[Data listing Boundary: Start]
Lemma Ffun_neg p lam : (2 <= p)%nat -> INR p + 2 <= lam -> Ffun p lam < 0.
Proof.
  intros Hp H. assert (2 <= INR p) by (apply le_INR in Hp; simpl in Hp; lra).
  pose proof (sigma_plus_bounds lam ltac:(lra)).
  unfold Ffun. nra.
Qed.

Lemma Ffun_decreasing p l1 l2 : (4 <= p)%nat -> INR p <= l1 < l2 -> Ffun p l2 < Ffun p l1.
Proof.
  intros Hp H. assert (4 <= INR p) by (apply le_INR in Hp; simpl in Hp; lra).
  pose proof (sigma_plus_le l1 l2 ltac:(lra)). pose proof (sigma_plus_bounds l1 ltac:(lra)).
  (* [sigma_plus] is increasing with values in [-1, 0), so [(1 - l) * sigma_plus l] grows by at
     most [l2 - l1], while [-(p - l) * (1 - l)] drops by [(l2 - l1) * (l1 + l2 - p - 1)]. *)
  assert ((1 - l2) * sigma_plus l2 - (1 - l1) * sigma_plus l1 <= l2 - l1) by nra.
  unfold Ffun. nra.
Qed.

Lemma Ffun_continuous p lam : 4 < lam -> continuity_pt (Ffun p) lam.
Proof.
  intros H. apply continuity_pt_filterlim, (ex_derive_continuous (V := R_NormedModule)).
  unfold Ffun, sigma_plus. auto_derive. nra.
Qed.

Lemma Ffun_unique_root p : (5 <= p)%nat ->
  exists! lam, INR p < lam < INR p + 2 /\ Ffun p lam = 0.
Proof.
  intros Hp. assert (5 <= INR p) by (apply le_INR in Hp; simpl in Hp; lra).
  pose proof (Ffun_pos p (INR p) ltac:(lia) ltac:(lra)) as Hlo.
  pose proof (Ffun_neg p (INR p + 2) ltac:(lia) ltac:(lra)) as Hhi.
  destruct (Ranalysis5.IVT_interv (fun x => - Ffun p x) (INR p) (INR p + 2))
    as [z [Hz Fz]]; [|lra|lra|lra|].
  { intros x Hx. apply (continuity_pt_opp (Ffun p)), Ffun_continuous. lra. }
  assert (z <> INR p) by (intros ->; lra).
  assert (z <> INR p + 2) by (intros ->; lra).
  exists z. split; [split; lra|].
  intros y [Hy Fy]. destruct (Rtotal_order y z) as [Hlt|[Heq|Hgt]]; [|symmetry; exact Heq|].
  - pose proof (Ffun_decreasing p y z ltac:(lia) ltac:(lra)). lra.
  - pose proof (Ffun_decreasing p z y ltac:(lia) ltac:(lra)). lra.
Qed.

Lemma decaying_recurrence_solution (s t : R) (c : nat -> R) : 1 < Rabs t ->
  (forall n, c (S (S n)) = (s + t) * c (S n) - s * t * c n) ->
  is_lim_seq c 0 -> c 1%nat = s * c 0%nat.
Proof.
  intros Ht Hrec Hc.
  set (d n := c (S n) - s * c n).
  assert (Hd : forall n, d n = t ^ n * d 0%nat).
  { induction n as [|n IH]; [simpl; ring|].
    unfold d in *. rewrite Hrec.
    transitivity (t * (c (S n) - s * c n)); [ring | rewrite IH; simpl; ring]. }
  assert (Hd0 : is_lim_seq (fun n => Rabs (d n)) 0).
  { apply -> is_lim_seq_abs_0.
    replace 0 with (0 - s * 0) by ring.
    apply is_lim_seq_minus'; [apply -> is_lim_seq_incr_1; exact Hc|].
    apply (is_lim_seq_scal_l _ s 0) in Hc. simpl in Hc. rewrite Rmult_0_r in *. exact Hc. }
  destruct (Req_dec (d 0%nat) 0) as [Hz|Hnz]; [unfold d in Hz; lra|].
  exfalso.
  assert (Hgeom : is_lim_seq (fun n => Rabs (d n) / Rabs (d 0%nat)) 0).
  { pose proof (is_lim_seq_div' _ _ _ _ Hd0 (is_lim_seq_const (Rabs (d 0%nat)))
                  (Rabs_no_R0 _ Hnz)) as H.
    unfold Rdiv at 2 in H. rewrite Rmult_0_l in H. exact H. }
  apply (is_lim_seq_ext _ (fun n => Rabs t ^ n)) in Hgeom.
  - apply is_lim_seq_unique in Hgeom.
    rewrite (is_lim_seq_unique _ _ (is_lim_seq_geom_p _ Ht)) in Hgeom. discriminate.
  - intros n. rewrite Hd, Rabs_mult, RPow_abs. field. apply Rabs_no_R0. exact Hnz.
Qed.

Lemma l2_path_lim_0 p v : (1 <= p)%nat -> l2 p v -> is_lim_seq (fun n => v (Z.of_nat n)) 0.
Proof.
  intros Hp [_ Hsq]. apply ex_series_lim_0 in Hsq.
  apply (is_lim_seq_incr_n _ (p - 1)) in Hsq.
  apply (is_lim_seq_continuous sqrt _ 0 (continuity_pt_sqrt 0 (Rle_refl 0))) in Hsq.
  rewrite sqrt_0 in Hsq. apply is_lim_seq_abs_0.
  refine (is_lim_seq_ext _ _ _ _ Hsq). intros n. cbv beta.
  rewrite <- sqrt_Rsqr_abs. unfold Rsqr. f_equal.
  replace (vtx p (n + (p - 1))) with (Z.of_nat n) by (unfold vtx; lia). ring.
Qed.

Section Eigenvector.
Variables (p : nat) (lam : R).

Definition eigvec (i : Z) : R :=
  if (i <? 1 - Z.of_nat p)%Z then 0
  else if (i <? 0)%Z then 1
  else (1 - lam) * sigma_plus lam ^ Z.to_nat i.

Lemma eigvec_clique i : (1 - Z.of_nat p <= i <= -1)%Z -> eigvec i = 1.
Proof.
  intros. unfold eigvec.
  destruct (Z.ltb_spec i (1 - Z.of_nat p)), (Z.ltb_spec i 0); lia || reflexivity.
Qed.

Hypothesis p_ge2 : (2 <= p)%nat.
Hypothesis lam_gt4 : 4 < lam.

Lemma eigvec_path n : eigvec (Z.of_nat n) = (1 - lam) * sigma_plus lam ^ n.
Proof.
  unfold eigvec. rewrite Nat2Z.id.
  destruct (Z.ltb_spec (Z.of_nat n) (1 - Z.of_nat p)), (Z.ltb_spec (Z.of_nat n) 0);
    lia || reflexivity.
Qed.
[Data listing Boundary: End]
[Data listing Boundary: Start]
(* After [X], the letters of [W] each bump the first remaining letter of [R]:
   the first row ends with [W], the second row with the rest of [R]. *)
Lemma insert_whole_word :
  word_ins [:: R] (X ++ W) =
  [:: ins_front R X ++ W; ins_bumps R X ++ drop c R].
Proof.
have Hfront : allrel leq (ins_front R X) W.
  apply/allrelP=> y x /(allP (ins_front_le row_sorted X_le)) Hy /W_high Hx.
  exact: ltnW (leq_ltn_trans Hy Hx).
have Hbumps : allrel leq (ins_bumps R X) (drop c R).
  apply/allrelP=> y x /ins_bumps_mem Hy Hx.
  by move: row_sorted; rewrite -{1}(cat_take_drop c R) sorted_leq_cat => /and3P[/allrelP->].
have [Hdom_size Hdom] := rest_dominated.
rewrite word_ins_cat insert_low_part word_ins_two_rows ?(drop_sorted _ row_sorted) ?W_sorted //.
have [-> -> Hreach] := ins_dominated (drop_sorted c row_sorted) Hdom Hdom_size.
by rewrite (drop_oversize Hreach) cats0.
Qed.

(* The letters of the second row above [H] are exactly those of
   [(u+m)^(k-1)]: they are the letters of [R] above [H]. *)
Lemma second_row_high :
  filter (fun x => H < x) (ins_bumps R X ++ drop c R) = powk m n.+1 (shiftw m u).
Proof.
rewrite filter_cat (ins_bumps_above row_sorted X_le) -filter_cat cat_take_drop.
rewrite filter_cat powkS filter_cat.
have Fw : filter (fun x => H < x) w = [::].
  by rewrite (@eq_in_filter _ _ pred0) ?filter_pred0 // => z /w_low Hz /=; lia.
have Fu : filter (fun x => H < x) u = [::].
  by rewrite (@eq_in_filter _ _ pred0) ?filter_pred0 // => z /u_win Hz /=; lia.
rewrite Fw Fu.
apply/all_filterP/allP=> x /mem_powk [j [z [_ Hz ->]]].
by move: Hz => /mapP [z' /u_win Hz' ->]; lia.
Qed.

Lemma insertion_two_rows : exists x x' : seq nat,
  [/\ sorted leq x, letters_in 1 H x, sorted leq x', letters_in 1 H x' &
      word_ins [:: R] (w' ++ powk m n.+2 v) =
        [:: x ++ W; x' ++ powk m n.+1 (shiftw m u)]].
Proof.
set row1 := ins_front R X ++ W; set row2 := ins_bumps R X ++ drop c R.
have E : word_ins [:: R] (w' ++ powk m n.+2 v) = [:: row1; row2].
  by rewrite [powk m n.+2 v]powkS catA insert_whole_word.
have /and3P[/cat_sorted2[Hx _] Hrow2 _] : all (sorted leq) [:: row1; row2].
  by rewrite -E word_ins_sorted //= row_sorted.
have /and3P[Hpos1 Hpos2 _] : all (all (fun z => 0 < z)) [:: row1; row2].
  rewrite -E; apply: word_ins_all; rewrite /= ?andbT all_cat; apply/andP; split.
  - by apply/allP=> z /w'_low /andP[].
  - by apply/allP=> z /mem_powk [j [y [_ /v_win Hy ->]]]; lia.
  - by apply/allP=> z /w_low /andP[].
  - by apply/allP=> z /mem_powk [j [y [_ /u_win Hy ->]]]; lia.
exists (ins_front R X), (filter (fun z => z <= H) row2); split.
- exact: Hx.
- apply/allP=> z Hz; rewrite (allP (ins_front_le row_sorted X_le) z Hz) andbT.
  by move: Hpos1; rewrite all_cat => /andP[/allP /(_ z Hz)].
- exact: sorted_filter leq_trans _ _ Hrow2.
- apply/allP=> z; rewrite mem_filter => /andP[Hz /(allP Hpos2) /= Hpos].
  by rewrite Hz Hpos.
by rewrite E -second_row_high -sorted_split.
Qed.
[Data listing Boundary: End]
[Data listing Boundary: Start]
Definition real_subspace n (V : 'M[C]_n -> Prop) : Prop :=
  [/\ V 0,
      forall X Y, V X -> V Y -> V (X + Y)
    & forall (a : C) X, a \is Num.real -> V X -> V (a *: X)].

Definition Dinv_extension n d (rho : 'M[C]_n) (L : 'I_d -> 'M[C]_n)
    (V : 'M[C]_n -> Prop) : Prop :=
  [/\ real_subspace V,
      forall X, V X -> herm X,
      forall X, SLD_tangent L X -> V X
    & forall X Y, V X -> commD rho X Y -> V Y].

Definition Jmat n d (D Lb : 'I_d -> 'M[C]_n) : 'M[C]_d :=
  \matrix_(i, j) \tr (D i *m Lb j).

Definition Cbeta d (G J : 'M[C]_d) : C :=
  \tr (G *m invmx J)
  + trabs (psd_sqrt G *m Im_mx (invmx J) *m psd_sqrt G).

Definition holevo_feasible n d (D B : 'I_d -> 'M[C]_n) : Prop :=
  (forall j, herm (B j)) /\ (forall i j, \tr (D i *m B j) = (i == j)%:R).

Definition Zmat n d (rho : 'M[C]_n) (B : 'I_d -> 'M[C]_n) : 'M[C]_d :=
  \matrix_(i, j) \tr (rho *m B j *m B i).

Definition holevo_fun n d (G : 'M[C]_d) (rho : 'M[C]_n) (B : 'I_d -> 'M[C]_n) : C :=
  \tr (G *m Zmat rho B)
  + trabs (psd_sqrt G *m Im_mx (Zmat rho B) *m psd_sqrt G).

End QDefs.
[Data listing Boundary: End]
● Directions
Would you output, from the records above, exactly the run of lines that starts at the line containing "word_ins [:: R] (X" and ends at the line containing "have Hbumps : allrel", and only that run?

● Exercise response
  word_ins [:: R] (X ++ W) =
  [:: ins_front R X ++ W; ins_bumps R X ++ drop c R].
Proof.
have Hfront : allrel leq (ins_front R X) W.
  apply/allrelP=> y x /(allP (ins_front_le row_sorted X_le)) Hy /W_high Hx.
  exact: ltnW (leq_ltn_trans Hy Hx).
have Hbumps : allrel leq (ins_bumps R X) (drop c R).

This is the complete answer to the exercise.